### Supplied records ###

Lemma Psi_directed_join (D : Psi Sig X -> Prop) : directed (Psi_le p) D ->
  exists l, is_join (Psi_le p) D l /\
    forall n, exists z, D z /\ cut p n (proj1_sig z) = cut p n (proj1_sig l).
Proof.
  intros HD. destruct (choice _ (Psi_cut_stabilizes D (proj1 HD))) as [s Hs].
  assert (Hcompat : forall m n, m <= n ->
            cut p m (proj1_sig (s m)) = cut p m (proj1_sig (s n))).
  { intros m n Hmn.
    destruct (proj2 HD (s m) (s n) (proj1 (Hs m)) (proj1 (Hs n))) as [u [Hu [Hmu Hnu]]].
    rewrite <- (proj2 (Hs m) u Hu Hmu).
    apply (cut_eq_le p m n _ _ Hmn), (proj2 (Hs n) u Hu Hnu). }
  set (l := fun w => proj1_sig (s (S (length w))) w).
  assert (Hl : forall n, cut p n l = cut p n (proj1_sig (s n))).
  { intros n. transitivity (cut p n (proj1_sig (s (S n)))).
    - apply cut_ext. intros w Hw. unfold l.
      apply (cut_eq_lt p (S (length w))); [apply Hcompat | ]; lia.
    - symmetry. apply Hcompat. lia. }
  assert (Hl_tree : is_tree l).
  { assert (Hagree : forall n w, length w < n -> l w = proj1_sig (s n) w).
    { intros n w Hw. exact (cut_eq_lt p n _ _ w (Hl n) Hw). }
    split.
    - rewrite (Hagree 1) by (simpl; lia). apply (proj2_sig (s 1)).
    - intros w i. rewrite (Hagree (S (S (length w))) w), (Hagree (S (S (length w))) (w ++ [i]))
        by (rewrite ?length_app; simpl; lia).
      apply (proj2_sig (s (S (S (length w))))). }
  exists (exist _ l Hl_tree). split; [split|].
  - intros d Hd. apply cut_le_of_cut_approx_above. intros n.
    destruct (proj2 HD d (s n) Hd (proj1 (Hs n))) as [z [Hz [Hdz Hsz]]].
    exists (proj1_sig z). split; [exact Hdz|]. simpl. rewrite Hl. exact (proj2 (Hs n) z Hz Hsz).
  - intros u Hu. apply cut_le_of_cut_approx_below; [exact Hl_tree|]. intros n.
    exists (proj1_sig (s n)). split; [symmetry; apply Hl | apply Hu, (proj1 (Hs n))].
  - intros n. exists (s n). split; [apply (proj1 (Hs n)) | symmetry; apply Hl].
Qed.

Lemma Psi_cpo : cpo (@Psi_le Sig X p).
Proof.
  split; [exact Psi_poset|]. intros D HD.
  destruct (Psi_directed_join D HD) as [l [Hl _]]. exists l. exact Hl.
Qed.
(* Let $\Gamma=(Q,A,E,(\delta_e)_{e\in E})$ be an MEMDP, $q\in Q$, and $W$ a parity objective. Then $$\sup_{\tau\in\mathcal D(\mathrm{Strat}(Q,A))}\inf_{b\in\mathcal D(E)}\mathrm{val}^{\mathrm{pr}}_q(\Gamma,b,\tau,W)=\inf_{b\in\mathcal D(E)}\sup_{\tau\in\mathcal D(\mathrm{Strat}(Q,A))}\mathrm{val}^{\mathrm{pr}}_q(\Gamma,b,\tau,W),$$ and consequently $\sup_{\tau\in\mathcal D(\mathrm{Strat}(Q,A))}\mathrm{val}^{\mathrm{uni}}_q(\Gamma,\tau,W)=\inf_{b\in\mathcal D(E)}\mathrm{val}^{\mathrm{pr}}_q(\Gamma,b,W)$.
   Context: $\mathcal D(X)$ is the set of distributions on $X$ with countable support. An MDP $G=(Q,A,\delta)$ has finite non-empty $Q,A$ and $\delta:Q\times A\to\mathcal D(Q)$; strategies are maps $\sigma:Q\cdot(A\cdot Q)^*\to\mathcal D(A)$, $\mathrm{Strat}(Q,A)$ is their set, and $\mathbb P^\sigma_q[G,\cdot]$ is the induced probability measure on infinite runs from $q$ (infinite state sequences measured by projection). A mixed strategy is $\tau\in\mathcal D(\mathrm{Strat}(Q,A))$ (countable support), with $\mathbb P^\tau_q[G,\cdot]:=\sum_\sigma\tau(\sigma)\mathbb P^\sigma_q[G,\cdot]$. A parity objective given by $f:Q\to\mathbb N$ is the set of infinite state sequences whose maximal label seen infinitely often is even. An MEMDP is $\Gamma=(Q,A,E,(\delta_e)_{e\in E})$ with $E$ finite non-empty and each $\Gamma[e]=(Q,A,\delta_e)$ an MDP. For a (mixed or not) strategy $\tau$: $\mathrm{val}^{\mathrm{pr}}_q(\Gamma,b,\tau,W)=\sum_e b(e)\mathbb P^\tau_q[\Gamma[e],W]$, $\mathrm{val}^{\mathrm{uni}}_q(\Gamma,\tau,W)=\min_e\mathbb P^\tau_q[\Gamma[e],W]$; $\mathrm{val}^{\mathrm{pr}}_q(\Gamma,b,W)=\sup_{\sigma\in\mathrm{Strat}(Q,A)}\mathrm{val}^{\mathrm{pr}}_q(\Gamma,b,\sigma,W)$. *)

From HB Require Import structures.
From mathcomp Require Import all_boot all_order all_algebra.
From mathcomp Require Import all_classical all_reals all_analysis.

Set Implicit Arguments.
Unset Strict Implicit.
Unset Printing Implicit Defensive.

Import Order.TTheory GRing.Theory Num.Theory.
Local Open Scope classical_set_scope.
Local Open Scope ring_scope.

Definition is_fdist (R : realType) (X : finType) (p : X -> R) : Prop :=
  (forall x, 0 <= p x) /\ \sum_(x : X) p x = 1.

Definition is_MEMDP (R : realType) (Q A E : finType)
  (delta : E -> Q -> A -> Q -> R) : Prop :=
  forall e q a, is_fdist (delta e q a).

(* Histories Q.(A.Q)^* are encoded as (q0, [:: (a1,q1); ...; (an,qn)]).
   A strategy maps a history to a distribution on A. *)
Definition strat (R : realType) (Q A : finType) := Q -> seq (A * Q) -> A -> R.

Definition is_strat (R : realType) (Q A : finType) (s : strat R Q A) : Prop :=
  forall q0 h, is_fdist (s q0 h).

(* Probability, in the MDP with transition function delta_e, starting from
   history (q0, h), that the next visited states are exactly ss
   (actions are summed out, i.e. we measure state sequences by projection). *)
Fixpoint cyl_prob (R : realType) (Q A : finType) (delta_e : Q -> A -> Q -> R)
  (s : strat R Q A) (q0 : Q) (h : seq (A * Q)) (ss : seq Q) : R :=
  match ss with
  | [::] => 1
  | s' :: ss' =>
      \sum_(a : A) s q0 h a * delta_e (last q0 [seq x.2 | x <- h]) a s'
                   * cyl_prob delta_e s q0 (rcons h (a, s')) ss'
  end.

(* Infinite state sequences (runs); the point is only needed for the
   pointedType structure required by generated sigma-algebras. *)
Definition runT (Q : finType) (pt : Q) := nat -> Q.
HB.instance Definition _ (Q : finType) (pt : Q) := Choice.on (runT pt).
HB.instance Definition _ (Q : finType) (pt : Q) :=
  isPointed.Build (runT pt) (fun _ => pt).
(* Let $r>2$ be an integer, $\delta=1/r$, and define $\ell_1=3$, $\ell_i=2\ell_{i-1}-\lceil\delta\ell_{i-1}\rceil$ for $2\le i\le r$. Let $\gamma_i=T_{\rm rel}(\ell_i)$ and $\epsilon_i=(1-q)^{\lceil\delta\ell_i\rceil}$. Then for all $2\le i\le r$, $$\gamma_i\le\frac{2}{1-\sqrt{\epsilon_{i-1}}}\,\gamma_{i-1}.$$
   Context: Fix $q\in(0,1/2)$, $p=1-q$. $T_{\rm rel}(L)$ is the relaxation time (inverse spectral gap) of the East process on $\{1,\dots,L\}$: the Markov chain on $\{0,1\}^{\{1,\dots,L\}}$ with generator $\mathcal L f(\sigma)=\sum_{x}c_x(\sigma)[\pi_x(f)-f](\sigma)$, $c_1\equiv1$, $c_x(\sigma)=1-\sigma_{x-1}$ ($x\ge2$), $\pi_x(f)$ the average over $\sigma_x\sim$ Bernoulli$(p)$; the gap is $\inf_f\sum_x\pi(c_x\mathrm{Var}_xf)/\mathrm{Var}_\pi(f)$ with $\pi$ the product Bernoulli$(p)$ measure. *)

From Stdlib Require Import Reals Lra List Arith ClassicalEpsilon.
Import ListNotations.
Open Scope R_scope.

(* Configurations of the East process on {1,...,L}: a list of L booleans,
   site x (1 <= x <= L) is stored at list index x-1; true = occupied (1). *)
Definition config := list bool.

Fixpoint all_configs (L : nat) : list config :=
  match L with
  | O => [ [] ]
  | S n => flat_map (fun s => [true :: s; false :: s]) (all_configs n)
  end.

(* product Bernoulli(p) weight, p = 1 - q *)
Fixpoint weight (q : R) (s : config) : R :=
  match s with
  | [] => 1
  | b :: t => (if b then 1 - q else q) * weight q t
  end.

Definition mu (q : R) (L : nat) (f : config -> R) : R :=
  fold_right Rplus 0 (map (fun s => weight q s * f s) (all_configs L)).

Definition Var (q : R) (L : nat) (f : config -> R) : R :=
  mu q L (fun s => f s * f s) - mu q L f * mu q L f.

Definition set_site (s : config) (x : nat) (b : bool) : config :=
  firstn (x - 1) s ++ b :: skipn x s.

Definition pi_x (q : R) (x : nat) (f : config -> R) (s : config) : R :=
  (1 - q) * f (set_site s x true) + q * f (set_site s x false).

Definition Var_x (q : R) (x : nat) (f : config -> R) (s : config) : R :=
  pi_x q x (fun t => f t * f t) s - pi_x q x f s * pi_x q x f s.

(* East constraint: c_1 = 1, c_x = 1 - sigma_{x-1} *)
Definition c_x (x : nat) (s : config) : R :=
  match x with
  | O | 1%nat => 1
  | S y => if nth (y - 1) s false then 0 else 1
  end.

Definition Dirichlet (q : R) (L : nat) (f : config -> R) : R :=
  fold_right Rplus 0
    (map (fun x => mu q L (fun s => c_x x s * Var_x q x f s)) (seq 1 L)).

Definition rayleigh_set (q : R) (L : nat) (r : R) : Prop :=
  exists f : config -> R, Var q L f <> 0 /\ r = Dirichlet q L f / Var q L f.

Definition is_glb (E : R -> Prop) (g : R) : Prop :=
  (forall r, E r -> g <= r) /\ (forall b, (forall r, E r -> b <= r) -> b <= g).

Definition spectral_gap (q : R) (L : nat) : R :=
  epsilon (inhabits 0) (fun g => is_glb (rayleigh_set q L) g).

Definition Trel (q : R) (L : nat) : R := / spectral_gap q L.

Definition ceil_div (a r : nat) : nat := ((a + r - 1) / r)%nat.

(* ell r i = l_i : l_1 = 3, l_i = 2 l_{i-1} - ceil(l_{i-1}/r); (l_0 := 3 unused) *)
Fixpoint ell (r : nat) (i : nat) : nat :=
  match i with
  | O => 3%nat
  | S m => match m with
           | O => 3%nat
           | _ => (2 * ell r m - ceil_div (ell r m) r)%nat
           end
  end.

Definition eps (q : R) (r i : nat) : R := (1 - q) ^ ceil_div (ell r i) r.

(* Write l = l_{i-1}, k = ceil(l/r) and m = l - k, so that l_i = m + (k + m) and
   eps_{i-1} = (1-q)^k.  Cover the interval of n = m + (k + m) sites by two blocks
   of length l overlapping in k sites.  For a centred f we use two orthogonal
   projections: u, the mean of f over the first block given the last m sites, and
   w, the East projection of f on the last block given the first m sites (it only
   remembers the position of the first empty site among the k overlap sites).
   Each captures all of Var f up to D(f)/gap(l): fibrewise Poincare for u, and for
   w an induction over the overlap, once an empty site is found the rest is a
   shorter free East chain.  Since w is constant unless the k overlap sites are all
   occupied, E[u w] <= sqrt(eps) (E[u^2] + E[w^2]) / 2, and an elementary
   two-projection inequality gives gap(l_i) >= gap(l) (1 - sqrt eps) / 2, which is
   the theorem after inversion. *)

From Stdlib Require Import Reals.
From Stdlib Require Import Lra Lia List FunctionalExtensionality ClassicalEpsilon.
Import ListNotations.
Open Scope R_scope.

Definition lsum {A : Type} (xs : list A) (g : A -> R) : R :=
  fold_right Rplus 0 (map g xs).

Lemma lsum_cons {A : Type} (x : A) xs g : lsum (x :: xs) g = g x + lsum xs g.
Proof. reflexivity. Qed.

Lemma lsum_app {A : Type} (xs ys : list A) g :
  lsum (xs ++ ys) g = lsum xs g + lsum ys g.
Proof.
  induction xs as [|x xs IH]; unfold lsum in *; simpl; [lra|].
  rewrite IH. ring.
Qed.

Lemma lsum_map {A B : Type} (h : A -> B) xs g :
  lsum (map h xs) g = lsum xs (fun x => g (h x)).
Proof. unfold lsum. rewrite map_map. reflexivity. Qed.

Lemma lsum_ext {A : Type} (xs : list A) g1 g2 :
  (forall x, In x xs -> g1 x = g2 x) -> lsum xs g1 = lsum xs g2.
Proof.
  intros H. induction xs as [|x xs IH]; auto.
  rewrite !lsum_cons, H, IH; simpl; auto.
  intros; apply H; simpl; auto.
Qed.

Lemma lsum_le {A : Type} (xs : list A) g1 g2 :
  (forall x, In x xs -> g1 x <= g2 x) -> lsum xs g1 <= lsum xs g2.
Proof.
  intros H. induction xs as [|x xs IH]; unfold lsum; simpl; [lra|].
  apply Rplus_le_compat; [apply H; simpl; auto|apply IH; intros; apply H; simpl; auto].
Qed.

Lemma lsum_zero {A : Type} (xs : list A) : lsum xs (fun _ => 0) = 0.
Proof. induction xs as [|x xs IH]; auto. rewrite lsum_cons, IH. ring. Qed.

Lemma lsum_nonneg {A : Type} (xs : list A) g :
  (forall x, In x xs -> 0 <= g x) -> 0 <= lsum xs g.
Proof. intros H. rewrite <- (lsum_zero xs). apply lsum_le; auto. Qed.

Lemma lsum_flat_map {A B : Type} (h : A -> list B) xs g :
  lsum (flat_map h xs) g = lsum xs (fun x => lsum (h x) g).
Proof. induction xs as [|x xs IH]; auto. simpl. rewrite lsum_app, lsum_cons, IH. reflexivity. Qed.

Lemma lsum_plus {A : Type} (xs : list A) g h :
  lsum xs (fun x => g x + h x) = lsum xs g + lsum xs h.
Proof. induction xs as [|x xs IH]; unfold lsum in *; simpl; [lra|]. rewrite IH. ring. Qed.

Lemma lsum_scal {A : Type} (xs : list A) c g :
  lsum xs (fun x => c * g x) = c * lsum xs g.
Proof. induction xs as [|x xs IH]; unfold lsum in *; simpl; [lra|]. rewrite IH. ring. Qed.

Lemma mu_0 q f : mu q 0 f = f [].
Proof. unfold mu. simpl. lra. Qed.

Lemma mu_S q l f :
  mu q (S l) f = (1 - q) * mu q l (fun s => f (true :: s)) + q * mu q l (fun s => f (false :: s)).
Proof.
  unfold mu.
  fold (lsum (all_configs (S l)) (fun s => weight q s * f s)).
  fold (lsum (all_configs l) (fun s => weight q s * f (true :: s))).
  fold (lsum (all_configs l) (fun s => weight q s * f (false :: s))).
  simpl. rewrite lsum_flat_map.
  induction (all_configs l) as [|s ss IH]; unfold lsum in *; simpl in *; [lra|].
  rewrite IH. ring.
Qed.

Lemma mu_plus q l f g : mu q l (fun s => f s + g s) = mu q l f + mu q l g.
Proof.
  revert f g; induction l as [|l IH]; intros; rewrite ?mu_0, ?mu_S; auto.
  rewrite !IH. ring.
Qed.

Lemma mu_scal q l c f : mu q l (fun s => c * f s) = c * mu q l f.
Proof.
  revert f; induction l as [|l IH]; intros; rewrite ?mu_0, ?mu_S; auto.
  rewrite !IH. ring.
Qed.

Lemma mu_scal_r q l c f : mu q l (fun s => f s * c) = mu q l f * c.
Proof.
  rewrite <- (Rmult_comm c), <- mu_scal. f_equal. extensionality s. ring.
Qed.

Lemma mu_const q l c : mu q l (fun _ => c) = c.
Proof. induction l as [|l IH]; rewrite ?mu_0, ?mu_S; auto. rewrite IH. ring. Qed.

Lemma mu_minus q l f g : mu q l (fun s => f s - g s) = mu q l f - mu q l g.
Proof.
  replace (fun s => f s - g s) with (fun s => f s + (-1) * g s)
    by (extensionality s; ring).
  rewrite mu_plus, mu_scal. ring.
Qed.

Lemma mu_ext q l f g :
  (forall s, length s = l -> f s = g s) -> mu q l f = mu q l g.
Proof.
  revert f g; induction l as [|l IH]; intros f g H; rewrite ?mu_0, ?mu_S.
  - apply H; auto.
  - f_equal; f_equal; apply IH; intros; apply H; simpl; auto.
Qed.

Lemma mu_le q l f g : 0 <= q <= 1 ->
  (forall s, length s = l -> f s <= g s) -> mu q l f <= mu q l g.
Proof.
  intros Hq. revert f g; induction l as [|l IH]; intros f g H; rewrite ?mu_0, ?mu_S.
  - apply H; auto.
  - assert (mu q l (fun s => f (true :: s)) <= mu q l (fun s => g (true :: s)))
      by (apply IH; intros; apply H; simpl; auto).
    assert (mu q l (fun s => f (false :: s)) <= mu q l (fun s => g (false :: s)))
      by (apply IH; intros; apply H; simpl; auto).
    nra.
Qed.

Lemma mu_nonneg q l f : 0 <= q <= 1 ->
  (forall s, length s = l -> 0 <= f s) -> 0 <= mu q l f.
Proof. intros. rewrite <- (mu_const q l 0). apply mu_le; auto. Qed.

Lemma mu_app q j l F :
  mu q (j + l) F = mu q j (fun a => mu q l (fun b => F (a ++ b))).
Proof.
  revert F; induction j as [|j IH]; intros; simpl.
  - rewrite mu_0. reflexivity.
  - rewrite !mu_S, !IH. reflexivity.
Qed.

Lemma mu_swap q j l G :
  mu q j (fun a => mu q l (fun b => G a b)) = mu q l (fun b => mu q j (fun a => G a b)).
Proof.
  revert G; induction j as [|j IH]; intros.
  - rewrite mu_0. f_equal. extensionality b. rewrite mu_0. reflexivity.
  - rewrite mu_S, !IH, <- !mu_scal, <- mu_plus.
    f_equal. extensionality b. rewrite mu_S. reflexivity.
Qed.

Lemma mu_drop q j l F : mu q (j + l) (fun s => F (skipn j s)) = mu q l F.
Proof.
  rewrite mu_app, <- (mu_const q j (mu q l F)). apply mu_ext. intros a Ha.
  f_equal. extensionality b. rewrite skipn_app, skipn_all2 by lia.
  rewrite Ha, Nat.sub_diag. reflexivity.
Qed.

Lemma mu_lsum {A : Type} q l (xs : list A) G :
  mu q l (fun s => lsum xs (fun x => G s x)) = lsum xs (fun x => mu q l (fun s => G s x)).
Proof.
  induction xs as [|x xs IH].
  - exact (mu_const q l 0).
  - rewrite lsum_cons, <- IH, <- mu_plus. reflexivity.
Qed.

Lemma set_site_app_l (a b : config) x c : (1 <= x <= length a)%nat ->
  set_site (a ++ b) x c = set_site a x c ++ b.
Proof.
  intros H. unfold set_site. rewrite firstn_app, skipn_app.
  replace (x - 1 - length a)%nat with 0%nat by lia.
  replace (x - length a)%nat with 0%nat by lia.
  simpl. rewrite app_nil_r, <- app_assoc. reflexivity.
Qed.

###

## Work order
Filter the lines above, keeping and copying those that contain "destruct".

## Exercise response
  intros HD. destruct (choice _ (Psi_cut_stabilizes D (proj1 HD))) as [s Hs].
    destruct (proj2 HD (s m) (s n) (proj1 (Hs m)) (proj1 (Hs n))) as [u [Hu [Hmu Hnu]]].
    destruct (proj2 HD d (s n) Hd (proj1 (Hs n))) as [z [Hz [Hdz Hsz]]].
  destruct (Psi_directed_join D HD) as [l [Hl _]]. exists l. exact Hl.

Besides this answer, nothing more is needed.